Here was a pitcher who was struggling mightily to register a single strike
and Grady was offering him an entire out. I couldn't believe it. Julio
was throwing almost 100 miles an hour with movement and was all over the
place and our idiot skipper puts on the bunt. I know Grady Little didn't
play in The Show, but he did play baseball at some point in his life,
right? Yet clearly, in that moment, ninth inning of a one-run game - that
familiar setting where he does his worst work - Grady clearly couldn't
grasp that Julio was far more likely to advance the runner on first via
another walk than he was to throw a pitch that could be easily bunted.
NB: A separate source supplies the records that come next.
(* There is an absolute constant $K>0$ such that the following holds. Let $U \geqslant 2$ and $n\geqslant 2$ be integers. Let $A, B, X \subseteq [U]$ with $|A|=|B|=n$ and $X$ nonempty. Then there exists a set $M$ of integers with the following properties: - $|M| \leqslant 1 + \log_2 |X|$; - $M \subseteq [n^{1.5}, 8n^{1.5})$; - for every $x \in X$ there exists $m \in M$ with \[\#\{(a,b) \in A \times B : a+b \equiv x \pmod m \ \text{and}\ a+b \neq x\} \leqslant K\sqrt n\,(\log U)^3.\]
   Context: $[U] := \{0,1,\ldots,U-1\}$; $[x,y)$ for reals denotes the half-open real interval. *)

(* sets of integers as duplicate-free lists. *)
From Stdlib Require Import Reals ZArith List Lia Lra.
Import ListNotations.
Open Scope R_scope.

Definition bad_count (A B : list Z) (m x : Z) : nat :=
  length (filter (fun p : Z * Z =>
            Z.eqb (Z.modulo (fst p + snd p - x) m) 0
            && negb (Z.eqb (fst p + snd p) x))%bool
          (list_prod A B)).

(* s is a subset of [U] = {0,...,U-1} *)
Definition subset_range (U : Z) (s : list Z) : Prop :=
  forall a, In a s -> (0 <= a < U)%Z.

From Stdlib Require Import Reals ZArith List Lia Lra.
From mathcomp Require Import all_boot zify ssrZ.

Set Implicit Arguments.
Unset Strict Implicit.
Unset Printing Implicit Defensive.

(* Fix a prime modulus p.  A pair (a, b) with a + b <> x is bad for p exactly when p divides
   the nonzero integer a + b - x, which lies in (-2U, 2U) and so has at most log2 (2U) prime
   divisors.  Hence, summed over a set P of primes, x has at most n^2 log2 (2U) bad pairs,
   and by Markov's inequality at least half of the primes of P have at most
   2 n^2 log2 (2U) / |P| bad pairs for x.  Taking for P the primes of (y, 4y] with
   y ~ n^(3/2), of which there are >> y / log y by a weak Chebyshev bound (Erdos' estimates
   of central binomial coefficients), this is O(sqrt n log^2 U).  A greedy choice of primes,
   each good for half of the points of X not yet covered, then covers X with at most
   1 + log2 |X| primes. *)

Local Open Scope nat_scope.

(** * Primes in (N, 4N] *)

Lemma sum_leq_indicator t n : \sum_(1 <= k < n.+1) (k <= t) <= minn n t.
Proof.
elim: n => [|n IH]; first by rewrite big_geq.
by rewrite big_nat_recr //=; case: (leqP n.+1 t) => ?; lia.
Qed.

Lemma sum_divn_expn_widen p m : 1 < p ->
  \sum_(1 <= k < (m.*2).+1) m %/ p ^ k = \sum_(1 <= k < m.+1) m %/ p ^ k.
Proof.
move=> p_gt1; rewrite (big_cat_nat _ (n := m.+1)) //=; last lia.
rewrite [X in _ + X]big1_seq ?addn0 // => k /andP[_].
rewrite mem_index_iota => /andP[k_gt_m _]; apply: divn_small.
by apply: leq_trans (ltn_expl m p_gt1) _; rewrite leq_exp2l //; lia.
Qed.

(* Legendre: each term [2m/p^k - 2(m/p^k)] of [logn p 'C(2m, m)] is 0 or 1, and it is 0
   once [p^k > 2m]. *)
Lemma pfactor_bin_mid_leq p m : prime p -> 0 < m -> p ^ logn p 'C(m.*2, m) <= m.*2.
Proof.
move=> p_pr m_gt0; have p_gt1 := prime_gt1 p_pr.
set t := trunc_log p m.*2.
suff : logn p 'C(m.*2, m) <= t.
  by move=> le_t; apply: leq_trans (trunc_logP p_gt1 _); [rewrite leq_exp2l | lia].
have bin_gt0 : 0 < 'C(m.*2, m) by rewrite bin_gt0; lia.
have fact_eq : 'C(m.*2, m) * (m`! * m`!) = (m.*2)`!.
  by have := @bin_fact m.*2 m; rewrite -addnn addnK; apply; lia.
have := congr1 (logn p) fact_eq.
rewrite lognM ?muln_gt0 ?fact_gt0 // lognM ?fact_gt0 // !logn_fact //.
rewrite -(sum_divn_expn_widen m p_gt1) => logn_eq.
have term_leq : \sum_(1 <= k < (m.*2).+1) m.*2 %/ p ^ k <=
    \sum_(1 <= k < (m.*2).+1) ((m %/ p ^ k).*2 + (k <= t)).
  apply: leq_sum => k _; case: (leqP k t) => k_le.
    have pk_gt0 : 0 < p ^ k by rewrite expn_gt0; lia.
    have := ltn_ceil m pk_gt0.
    by rewrite addn1 => lt_m; rewrite -ltnS ltn_divLR //; lia.
  rewrite addn0 divn_small //; apply: leq_trans (trunc_log_ltn _ p_gt1) _.
  by rewrite leq_exp2l.
rewrite big_split /= in term_leq.
have double_sum : \sum_(1 <= k < (m.*2).+1) (m %/ p ^ k).*2 =
    (\sum_(1 <= k < (m.*2).+1) m %/ p ^ k).*2.
  by rewrite -[RHS]muln2 big_distrl; apply: eq_bigr => k _; rewrite -muln2.
have := sum_leq_indicator t m.*2; rewrite double_sum in term_leq; lia.
Qed.

Lemma bin_odd_mid_leq m : 'C(m.*2.+1, m) <= 4 ^ m.
Proof.
have binS := expnDn 1 1 m.*2.+1.
rewrite (bigD1 (inord m)) //= (bigD1 (inord m.+1)) /= in binS; last first.
  by apply/eqP => /(congr1 val); rewrite /= !inordK; lia.
rewrite !inordK ?exp1n ?muln1 in binS; try lia.
have bin_sym : 'C(m.*2.+1, m.+1) = 'C(m.*2.+1, m).
  by rewrite -(bin_sub (n := m.*2.+1) (m := m)); [congr binomial; lia | lia].
rewrite bin_sym in binS.
have : 2 * 'C(m.*2.+1, m) <= 2 ^ m.*2.+1 by rewrite binS; lia.
have -> : 4 ^ m = 2 ^ m.*2 by rewrite -[4]/(2 ^ 2) -expnM mul2n.
by rewrite expnS; lia.
Qed.

Lemma bin_mid_geq m : 4 ^ m <= m.*2.+1 * 'C(m.*2, m).
Proof.
elim: m => [|m IH]; first by rewrite bin0.
have bin_odd : m.+1 * 'C(m.*2.+1, m) = m.*2.+1 * 'C(m.*2, m).
  have /= -> := mul_bin_diag m.*2.+1 m.
  by rewrite -(bin_sub (n := m.*2.+1) (m := m.+1)); [congr (_ * binomial _ _) | ]; lia.
have bin_even : m.+1 * 'C(m.+1.*2, m.+1) = m.+1.*2 * 'C(m.*2.+1, m).
  by have /= <- := mul_bin_diag m.+1.*2 m; rewrite doubleS.
have : 0 < 'C(m.*2, m) by rewrite bin_gt0; lia.
have : m.+1 * (4 * 4 ^ m) <= m.+1 * ((m.+1).*2.+1 * 'C(m.+1.*2, m.+1)) by nia.
by rewrite expnS leq_pmul2l.
Qed.

Definition primorial n := \prod_(0 <= p < n.+1 | prime p) p.

Lemma prime_coprime_fact p k : prime p -> k < p -> coprime p k`!.
Proof.
move=> p_pr; elim: k => [|k IH] lt_kp; first exact: coprimen1.
rewrite factS coprimeMr IH 1?andbT; last lia.
by rewrite prime_coprime // gtnNdvd.
Qed.

Lemma coprime_big_prod (r : seq nat) (P : pred nat) n :
  {in r, forall p, P p -> coprime p n} -> coprime (\prod_(p <- r | P p) p) n.
Proof.
move=> cop; rewrite big_seq_cond; elim/big_ind: _ => //.
- exact: coprime1n.
- by move=> a b; rewrite coprimeMl => -> ->.
- by move=> p /andP[]; apply: cop.
Qed.

(* The primes of (m + 1, 2m + 1] divide (2m + 1)! but not m! (m + 1)!. *)
Lemma prod_primes_dvd_bin_odd_mid m :
  \prod_(m.+2 <= p < m.*2.+2 | prime p) p %| 'C(m.*2.+1, m).
Proof.
have fact_eq : 'C(m.*2.+1, m) * (m`! * m.+1`!) = (m.*2.+1)`!.
  have := @bin_fact m.*2.+1 m; rewrite (_ : m.*2.+1 - m = m.+1); last lia.
  by apply; lia.
have cop : coprime (\prod_(m.+2 <= p < m.*2.+2 | prime p) p) (m`! * m.+1`!).
  apply: coprime_big_prod => p; rewrite mem_index_iota => /andP[lt_p _] p_pr.
  by rewrite coprimeMr !prime_coprime_fact //; lia.
rewrite -(Gauss_dvdl _ cop) fact_eq (fact_split (m := m.+1)); last lia.
by apply: dvdn_mull; rewrite [X in _ %| X](bigID prime) /= dvdn_mulr.
Qed.

(* Erdos' induction: an odd prime n = 2m + 1 splits primorial n as primorial (m + 1) times a
   divisor of 'C(2m + 1, m). *)
Lemma primorial_leq n : primorial n <= 4 ^ n.
Proof.
elim/ltn_ind: n => n IH; have [n_pr | n_npr] := boolP (prime n); last first.
  case: n IH n_npr => [|n] IH n_npr; first by rewrite /primorial big_mkcond big_nat1.
  rewrite /primorial big_mkcond big_nat_recr //= (negbTE n_npr) muln1 -big_mkcond.
  by apply: leq_trans (IH n (ltnSn n)) _; rewrite leq_exp2l.
have [-> | n_odd] := even_prime n_pr.
  by rewrite /primorial big_mkcond !big_nat_recr //= big_geq.
have := odd_double_half n; rewrite n_odd /=; set m := n./2 => n_eq.
have m_gt0 : 0 < m by move: (prime_gt1 n_pr); lia.
have -> : primorial n = primorial m.+1 * \prod_(m.+2 <= p < m.*2.+2 | prime p) p.
  by rewrite /primorial -n_eq add1n (big_cat_nat _ (n := m.+2)) //=; lia.
have high_leq : \prod_(m.+2 <= p < m.*2.+2 | prime p) p <= 4 ^ m.
  apply: leq_trans (bin_odd_mid_leq m); apply: dvdn_leq.
    by rewrite bin_gt0; lia.
  exact: prod_primes_dvd_bin_odd_mid.
have low_leq : primorial m.+1 <= 4 ^ m.+1 by apply: IH; lia.
by apply: leq_trans (leq_mul low_leq high_leq) _; rewrite -expnD leq_exp2l //; lia.
Qed.

Definition primes_between a b := [seq p <- index_iota a.+1 b.+1 | prime p].

Lemma expn_leq_base p k a : 1 < p -> p ^ k <= a -> a < p * p -> p ^ k <= p.
Proof.
move=> p_gt1 le_a lt_a; have : p ^ k < p ^ 2 by rewrite expnS expn1; lia.
by rewrite ltn_exp2l // => lt_k2; rewrite -{2}(expn1 p) leq_exp2l //; lia.
Qed.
Mueller predictably - to me and my friend - popped a bunt attempt foul
before striking out.
Lost in the tortured welter of lament about our terrible bullpen - and it
is terrible - is that the manager is still awful. I mean, if you saw a guy
in a pickup softball game slap a groundball to shortstop and then run
directly to third base, you'd say, "Wow, this guy doesn't know how to
play." Well, guess what, when a manager watches Ramiro Mendoza yield a
line drive single, a line drive double, a line drive sac fly, a line drive
out, a line drive single, a line drive single and a line drive single and
opts to leave him in with the tying run on first, he doesn't know how to
manage. And then when Mendoza gives up a booming double and is saved only
by a great relay and a generous call all Gomer Grady can offer is some
asinine bromide about winning the game or how bravely John Burkett
battled.
Can you imagine a more combustible combination? This bullpen being
handled by this jackass. Oy. We teach children not to play with matches
but part of that deal, of course, is to provide them with other toys. The
front office has left a child-like huckleberry with nothing to play with
but matches, kindling and lighter fluid. It's almost cruel.
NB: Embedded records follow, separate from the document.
Lemma xlast_u_gt0 : 0 < xlast u.
Proof.
have := coneC_last_ge0 (coneC_eigen lam_lt0 Mu unit_u).
rewrite le_eqVlt => /orP[/eqP eps_eq0|//].
have ug : dot u g = 0.
  by apply/eqP; move: lam_dot_u_g; rewrite -eps_eq0 => /eqP; rewrite mulf_eq0 lt_eqF.
have g0 : g != 0.
  apply/negP => /eqP g0; have := bform_g e.
  by rewrite g0 mulmx0 dotC dot0l /xlast mxE !eqxx => /eqP; rewrite eq_sym oner_eq0.
have := qform_gt0_orth symM unitM mup_lam neg_eigen Mu unit_u ug g0.
by rewrite ltNge qform_g_le0.
Qed.

Lemma coneC_oppg : coneC M u (- g).
Proof.
split; first by rewrite qformN qform_g_le0.
rewrite -/(dot u _) dotNr oppr_ge0; have := lam_dot_u_g; have := xlast_u_gt0.
by have := lam_lt0; nra.
Qed.

Local Notation s := (Num.sqrt (q / qform M g)).

(* Writing [x - c0 = a g + r] with [B(g, r) = 0], the constraint [Q <= q]
   forces [a <= - s], and [a = - s] forces [r = 0]. *)
Lemma branch_last_ge x : qform M g < 0 -> S x ->
  xlast (s *: - g) <= xlast (x - c0) /\
  (xlast (x - c0) = xlast (s *: - g) -> x - c0 = s *: - g).
Proof.
move=> Qg /branchE[Qy Cy]; set y := x - c0 in Qy Cy *.
have Qg_xlast : qform M g = xlast g by rewrite qformE bform_g.
pose a := xlast y / qform M g; pose r := y - a *: g.
have ya : xlast y = a * qform M g by rewrite /a divfK ?lt_eqF.
have gr : dot g (M *m r) = 0.
  by rewrite (dot_mulmx_sym symM) bform_g xlastD xlastN xlastZ ya -Qg_xlast subrr.
have Qr : 0 <= qform M r.
  have [->|r0] := eqVneq r 0; first by rewrite qformE dot0l.
  exact/ltW/(qform_gt0_orth_timelike symM unitM mup_lam neg_eigen Mu unit_u Qg gr r0).
have yE : y = a *: g + r by rewrite /r addrC subrK.
have Qy_eq : qform M y = a ^+ 2 * qform M g + qform M r.
  by rewrite yE qformD // qformZ dotZl gr !mulr0 addr0.
have a_le0 : a <= 0.
  have := coneC_bform_le0 symM unitM lam_lt0 mup_lam neg_eigen Mu unit_u Cy coneC_oppg.
  by rewrite mulmxN dotNr bform_g oppr_le0 ya; nra.
have ss : s ^+ 2 * qform M g = q.
  by rewrite sqr_sqrtr ?divfK ?lt_eqF // mulr_le0 // invr_le0 ltW.
have s0 : 0 <= s := sqrtr_ge0 _.
have a_le : a <= - s.
  have : s ^+ 2 <= a ^+ 2.
    have : 0 <= qform M g * (s ^+ 2 - a ^+ 2) by move: Qy; rewrite Qy_eq; lra.
    by rewrite nmulr_rge0 // subr_le0.
  move=> sa; suff : s <= - a by lra.
  by rewrite -ler_sqr ?nnegrE ?oppr_ge0 // sqrrN.
rewrite xlastZ xlastN -Qg_xlast ya; split; first by nra.
move=> last_eq; have a_s : a = - s by apply: (mulIf (ltr0_neq0 Qg)); rewrite mulNr -mulrN.
have r0 : r = 0.
  apply/eqP; apply: contraT => r0; move: Qy; rewrite Qy_eq a_s sqrrN ss -lerBrDl subrr.
  rewrite leNgt.
  by rewrite (qform_gt0_orth_timelike symM unitM mup_lam neg_eigen Mu unit_u Qg gr r0).
by rewrite yE r0 addr0 a_s scaleNr scalerN.
Qed.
But wait, the Sox are 5-2. They've opened the season with consecutive road
series wins for only the fifth time in franchise history. Why the panic
across New England?
Because Red Sox fans are smart. And they know this team cannot win the
World Series. They know Chad Fox cannot close out a playoff series with a
one-run lead. They know Pedro Martinez cannot pitch in a three-man playoff
rotation and that Casey Fossum and John Burkett cannot win a playoff
game. They know that a team with good infield defense doesn't yield seven
infield hits in one game. They know that Derek Lowe's numbers will decline
because that infield defense is so poor. They know this team will almost
never successfully turn a 3-6-3 double play. They know this team will
pound the soft underbelly of the American League but scuffle against the
top tier teams. They know that this slow, potent offense is built for July
and will post diminishing returns as the weather gets colder and the games
get more important. Red Sox fans are not fooled by 12-2 drubbings of
lousy teams. They think only of the big picture, of trying to win a road
playoff game in Oakland on a chilly October night with the score tied 2-2
in the ninth and Pedro past his pitch count.
And they know this team can't do it.
It's so obvious, heck, even Grady Little might know it.